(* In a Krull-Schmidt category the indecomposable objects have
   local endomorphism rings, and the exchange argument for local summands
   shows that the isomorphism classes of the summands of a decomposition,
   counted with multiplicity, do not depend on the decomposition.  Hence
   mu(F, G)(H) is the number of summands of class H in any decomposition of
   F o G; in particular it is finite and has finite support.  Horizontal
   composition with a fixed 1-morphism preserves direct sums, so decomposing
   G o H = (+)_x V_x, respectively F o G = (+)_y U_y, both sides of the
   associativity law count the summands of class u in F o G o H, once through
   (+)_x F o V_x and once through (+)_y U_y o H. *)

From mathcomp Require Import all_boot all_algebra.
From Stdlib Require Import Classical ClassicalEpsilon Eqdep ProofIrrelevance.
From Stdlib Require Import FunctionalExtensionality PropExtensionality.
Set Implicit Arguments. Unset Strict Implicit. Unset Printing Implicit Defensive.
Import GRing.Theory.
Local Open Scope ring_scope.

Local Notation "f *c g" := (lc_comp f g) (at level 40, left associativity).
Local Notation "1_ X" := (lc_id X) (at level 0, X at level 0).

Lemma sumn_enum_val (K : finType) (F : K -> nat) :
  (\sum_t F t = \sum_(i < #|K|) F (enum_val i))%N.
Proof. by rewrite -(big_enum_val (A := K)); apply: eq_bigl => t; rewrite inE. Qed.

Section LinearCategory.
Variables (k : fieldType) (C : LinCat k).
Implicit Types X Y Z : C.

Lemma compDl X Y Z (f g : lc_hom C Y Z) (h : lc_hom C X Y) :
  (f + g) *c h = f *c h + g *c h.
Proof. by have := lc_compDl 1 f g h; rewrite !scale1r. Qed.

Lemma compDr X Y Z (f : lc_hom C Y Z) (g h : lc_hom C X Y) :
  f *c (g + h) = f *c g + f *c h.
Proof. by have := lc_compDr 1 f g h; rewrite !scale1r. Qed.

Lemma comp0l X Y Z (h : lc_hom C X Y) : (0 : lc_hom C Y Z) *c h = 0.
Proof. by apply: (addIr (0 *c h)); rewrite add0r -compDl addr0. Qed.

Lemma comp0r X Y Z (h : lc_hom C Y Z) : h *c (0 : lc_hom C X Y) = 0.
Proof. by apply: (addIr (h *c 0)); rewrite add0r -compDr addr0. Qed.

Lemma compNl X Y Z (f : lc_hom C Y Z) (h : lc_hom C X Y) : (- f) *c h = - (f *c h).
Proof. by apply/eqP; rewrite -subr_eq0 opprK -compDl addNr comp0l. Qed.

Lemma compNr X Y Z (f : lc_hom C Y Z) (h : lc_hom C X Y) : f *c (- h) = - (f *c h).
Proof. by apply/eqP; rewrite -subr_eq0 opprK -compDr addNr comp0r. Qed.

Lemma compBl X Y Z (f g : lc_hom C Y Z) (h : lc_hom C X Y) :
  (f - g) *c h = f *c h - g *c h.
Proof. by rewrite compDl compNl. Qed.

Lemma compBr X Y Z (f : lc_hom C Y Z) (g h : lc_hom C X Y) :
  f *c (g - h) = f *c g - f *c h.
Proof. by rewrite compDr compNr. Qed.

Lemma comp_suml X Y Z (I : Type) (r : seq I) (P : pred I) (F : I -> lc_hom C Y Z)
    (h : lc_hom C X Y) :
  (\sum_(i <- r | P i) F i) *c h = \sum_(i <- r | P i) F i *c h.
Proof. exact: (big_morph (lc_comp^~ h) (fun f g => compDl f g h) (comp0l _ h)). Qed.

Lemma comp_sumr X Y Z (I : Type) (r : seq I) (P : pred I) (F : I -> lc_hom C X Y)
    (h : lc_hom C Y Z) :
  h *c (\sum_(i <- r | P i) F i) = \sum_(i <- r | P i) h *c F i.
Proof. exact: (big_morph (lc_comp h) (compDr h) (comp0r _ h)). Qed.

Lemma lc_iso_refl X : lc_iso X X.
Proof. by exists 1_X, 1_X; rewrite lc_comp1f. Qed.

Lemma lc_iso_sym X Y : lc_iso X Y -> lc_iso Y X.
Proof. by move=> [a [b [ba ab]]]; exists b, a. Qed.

==

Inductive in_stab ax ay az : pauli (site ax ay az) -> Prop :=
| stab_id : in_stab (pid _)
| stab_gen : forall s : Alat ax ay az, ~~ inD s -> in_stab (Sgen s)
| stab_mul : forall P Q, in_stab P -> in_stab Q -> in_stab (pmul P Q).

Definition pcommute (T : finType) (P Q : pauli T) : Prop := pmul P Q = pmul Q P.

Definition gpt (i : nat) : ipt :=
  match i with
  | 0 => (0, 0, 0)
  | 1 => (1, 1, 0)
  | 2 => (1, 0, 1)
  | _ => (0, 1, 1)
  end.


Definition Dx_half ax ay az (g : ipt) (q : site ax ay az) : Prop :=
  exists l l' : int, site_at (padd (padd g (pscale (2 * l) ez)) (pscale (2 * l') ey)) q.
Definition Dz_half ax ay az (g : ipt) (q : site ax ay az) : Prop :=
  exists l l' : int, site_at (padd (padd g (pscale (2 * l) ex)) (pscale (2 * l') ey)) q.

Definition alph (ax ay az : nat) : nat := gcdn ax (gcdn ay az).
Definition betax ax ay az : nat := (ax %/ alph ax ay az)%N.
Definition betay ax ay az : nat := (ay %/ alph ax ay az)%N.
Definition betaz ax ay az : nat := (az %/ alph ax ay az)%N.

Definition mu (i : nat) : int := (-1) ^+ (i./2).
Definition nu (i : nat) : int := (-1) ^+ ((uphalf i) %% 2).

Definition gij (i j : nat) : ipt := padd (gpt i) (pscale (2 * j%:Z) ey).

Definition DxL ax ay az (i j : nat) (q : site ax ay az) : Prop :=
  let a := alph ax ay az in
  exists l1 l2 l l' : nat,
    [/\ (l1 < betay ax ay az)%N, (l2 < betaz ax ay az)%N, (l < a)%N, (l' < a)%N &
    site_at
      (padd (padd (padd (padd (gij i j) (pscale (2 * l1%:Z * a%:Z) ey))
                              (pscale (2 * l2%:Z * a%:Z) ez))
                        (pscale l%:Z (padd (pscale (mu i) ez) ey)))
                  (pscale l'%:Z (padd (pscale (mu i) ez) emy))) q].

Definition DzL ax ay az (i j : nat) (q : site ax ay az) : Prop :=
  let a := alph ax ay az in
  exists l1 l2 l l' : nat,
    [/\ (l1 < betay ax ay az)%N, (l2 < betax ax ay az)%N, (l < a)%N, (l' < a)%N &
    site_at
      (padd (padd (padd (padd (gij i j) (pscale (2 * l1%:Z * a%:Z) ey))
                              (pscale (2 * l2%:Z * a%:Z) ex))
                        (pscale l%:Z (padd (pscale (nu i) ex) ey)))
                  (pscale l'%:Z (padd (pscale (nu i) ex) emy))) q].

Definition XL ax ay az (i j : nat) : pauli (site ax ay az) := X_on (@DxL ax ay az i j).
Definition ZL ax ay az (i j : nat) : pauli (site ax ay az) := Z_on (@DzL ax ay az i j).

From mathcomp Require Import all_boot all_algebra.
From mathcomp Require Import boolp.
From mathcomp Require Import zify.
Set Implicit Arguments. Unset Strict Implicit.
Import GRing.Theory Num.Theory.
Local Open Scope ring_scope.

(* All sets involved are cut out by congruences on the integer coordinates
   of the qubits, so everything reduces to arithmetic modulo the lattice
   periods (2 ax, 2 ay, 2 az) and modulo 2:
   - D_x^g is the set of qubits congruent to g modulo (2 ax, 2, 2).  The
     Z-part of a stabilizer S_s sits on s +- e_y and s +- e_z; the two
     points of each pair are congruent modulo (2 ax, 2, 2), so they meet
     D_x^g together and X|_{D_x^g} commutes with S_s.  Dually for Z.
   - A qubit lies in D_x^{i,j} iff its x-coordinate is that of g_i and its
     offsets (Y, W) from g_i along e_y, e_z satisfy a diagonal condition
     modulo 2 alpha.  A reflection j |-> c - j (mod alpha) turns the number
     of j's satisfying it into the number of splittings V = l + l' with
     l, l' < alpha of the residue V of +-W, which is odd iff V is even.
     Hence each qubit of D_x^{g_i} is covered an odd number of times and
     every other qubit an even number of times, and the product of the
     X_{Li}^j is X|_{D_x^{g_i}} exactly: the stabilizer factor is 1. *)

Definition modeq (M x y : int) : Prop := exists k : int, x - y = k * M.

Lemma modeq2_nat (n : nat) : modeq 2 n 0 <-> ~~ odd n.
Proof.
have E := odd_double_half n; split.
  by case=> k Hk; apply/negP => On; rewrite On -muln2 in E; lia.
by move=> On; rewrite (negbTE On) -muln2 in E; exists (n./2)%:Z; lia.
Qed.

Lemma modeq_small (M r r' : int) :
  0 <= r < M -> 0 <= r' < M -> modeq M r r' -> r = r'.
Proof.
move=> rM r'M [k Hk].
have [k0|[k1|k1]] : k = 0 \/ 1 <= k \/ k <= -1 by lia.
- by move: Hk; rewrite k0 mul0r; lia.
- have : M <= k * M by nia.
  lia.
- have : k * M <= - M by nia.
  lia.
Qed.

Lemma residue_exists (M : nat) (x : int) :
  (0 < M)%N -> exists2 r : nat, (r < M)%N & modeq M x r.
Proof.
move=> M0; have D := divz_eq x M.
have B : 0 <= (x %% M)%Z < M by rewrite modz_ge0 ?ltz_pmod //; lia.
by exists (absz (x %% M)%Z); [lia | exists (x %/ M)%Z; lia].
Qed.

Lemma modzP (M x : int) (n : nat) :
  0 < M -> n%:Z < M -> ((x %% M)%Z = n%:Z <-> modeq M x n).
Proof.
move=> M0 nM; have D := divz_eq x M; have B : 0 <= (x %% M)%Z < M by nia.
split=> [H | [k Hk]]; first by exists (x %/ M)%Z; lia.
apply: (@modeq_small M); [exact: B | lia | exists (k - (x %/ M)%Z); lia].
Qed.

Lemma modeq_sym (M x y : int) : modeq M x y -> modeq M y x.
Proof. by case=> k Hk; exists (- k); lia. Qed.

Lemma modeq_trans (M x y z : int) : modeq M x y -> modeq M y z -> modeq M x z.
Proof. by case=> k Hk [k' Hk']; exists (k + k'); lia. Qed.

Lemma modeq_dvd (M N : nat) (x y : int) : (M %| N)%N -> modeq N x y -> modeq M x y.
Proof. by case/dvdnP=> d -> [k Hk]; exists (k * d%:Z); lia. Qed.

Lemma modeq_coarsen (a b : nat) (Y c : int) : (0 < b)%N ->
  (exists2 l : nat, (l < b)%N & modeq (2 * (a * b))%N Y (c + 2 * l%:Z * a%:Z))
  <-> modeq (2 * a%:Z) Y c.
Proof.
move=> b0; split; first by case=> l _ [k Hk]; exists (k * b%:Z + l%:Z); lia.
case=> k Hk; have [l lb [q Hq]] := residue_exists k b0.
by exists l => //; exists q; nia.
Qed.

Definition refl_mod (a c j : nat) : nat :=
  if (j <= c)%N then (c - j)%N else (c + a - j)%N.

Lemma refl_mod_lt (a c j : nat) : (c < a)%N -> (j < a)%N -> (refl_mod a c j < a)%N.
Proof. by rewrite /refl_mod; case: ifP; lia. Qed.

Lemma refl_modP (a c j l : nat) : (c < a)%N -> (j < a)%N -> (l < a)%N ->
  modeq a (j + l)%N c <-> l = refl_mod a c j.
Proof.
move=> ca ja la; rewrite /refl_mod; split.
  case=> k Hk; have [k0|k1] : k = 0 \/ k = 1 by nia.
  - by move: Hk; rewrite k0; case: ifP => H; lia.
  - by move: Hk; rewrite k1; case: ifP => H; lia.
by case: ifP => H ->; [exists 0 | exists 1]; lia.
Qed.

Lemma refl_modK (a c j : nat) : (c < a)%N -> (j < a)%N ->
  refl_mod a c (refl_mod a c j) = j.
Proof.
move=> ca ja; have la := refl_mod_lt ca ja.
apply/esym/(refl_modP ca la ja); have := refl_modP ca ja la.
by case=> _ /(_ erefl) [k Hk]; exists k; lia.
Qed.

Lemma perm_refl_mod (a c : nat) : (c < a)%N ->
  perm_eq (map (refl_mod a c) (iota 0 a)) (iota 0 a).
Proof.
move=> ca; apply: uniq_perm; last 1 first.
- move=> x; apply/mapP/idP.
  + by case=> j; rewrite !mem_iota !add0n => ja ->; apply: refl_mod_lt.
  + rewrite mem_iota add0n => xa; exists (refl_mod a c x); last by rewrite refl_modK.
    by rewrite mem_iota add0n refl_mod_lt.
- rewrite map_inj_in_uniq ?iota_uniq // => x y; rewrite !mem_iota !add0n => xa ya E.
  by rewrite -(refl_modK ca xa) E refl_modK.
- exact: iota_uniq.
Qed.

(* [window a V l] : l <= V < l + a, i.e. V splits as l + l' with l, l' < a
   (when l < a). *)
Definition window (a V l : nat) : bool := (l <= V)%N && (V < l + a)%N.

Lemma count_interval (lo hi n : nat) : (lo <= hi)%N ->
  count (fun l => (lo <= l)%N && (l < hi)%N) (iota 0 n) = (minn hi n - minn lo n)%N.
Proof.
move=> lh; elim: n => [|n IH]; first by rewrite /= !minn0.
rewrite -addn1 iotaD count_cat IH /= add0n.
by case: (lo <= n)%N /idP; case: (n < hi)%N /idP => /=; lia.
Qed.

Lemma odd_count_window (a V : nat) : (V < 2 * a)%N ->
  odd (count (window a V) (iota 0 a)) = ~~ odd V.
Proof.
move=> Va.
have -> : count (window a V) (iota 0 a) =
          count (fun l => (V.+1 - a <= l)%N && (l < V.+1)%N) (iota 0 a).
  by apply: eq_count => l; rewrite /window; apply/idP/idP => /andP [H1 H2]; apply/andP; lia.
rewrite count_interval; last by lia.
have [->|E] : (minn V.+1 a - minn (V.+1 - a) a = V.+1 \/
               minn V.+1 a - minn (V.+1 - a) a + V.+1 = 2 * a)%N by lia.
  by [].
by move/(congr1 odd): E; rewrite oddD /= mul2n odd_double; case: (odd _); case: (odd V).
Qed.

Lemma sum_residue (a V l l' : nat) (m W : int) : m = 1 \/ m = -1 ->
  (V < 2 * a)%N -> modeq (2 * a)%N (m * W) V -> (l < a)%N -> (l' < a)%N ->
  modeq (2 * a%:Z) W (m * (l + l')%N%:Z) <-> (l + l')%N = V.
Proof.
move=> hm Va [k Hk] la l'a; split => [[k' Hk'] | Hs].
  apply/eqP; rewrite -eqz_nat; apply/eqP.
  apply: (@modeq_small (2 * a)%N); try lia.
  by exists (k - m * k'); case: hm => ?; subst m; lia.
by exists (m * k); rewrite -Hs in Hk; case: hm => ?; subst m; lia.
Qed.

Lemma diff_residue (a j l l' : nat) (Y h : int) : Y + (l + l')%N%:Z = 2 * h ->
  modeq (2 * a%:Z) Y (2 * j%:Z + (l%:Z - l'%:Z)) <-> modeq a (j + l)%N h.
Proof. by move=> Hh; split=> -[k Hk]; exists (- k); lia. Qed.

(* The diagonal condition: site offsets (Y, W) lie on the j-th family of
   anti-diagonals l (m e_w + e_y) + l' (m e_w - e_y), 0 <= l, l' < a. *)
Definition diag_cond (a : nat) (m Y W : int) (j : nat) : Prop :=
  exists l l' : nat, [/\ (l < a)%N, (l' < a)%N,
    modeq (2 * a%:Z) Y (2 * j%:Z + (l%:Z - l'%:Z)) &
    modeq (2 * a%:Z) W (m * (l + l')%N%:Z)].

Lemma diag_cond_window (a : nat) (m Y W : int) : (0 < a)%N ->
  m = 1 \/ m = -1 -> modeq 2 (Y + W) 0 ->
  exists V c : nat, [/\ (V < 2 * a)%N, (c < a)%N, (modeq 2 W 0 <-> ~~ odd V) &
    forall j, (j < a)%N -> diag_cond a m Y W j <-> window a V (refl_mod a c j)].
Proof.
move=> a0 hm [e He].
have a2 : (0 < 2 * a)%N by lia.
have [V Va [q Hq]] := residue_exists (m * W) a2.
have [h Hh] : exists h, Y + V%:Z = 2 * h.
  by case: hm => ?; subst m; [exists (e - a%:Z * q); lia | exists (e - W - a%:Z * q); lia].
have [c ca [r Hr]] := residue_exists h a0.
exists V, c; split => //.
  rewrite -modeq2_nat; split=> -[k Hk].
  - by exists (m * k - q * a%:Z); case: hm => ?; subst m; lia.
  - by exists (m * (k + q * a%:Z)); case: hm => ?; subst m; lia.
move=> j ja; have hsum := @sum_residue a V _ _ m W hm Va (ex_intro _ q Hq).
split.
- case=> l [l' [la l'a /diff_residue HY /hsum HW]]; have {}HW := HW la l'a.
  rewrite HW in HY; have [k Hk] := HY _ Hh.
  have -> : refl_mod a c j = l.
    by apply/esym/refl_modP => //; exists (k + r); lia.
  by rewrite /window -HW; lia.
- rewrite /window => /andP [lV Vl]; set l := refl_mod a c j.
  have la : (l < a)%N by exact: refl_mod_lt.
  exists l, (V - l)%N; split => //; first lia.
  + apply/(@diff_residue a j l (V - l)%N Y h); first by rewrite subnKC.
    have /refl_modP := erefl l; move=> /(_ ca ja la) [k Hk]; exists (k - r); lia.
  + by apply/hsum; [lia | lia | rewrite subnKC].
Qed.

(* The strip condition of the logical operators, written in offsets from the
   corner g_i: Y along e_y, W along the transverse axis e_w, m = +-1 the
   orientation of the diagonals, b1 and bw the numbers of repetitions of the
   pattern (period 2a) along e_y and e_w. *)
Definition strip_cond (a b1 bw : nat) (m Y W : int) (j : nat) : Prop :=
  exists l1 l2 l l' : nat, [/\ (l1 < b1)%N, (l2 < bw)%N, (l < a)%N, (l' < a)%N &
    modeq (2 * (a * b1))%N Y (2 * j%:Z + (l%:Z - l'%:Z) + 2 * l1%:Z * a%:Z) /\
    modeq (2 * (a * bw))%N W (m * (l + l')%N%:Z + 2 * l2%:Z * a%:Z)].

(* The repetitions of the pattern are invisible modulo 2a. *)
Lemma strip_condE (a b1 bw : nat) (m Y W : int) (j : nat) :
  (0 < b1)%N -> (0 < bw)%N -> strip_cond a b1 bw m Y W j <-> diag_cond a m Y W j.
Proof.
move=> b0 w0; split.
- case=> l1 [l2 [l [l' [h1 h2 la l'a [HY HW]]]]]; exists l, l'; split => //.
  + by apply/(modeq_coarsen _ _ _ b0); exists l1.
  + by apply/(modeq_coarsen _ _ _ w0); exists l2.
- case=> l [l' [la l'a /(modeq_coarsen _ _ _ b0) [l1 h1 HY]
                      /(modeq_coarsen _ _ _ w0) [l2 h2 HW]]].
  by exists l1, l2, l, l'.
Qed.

Exercise: Retype, exactly and in full, the lines above from the one containing "(* In a Krull-Schmidt" through the one containing "Lemma sumn_enum_val (K".

Solution:
(* In a Krull-Schmidt category the indecomposable objects have
   local endomorphism rings, and the exchange argument for local summands
   shows that the isomorphism classes of the summands of a decomposition,
   counted with multiplicity, do not depend on the decomposition.  Hence
   mu(F, G)(H) is the number of summands of class H in any decomposition of
   F o G; in particular it is finite and has finite support.  Horizontal
   composition with a fixed 1-morphism preserves direct sums, so decomposing
   G o H = (+)_x V_x, respectively F o G = (+)_y U_y, both sides of the
   associativity law count the summands of class u in F o G o H, once through
   (+)_x F o V_x and once through (+)_y U_y o H. *)

From mathcomp Require Import all_boot all_algebra.
From Stdlib Require Import Classical ClassicalEpsilon Eqdep ProofIrrelevance.
From Stdlib Require Import FunctionalExtensionality PropExtensionality.
Set Implicit Arguments. Unset Strict Implicit. Unset Printing Implicit Defensive.
Import GRing.Theory.
Local Open Scope ring_scope.

Local Notation "f *c g" := (lc_comp f g) (at level 40, left associativity).
Local Notation "1_ X" := (lc_id X) (at level 0, X at level 0).

Lemma sumn_enum_val (K : finType) (F : K -> nat) :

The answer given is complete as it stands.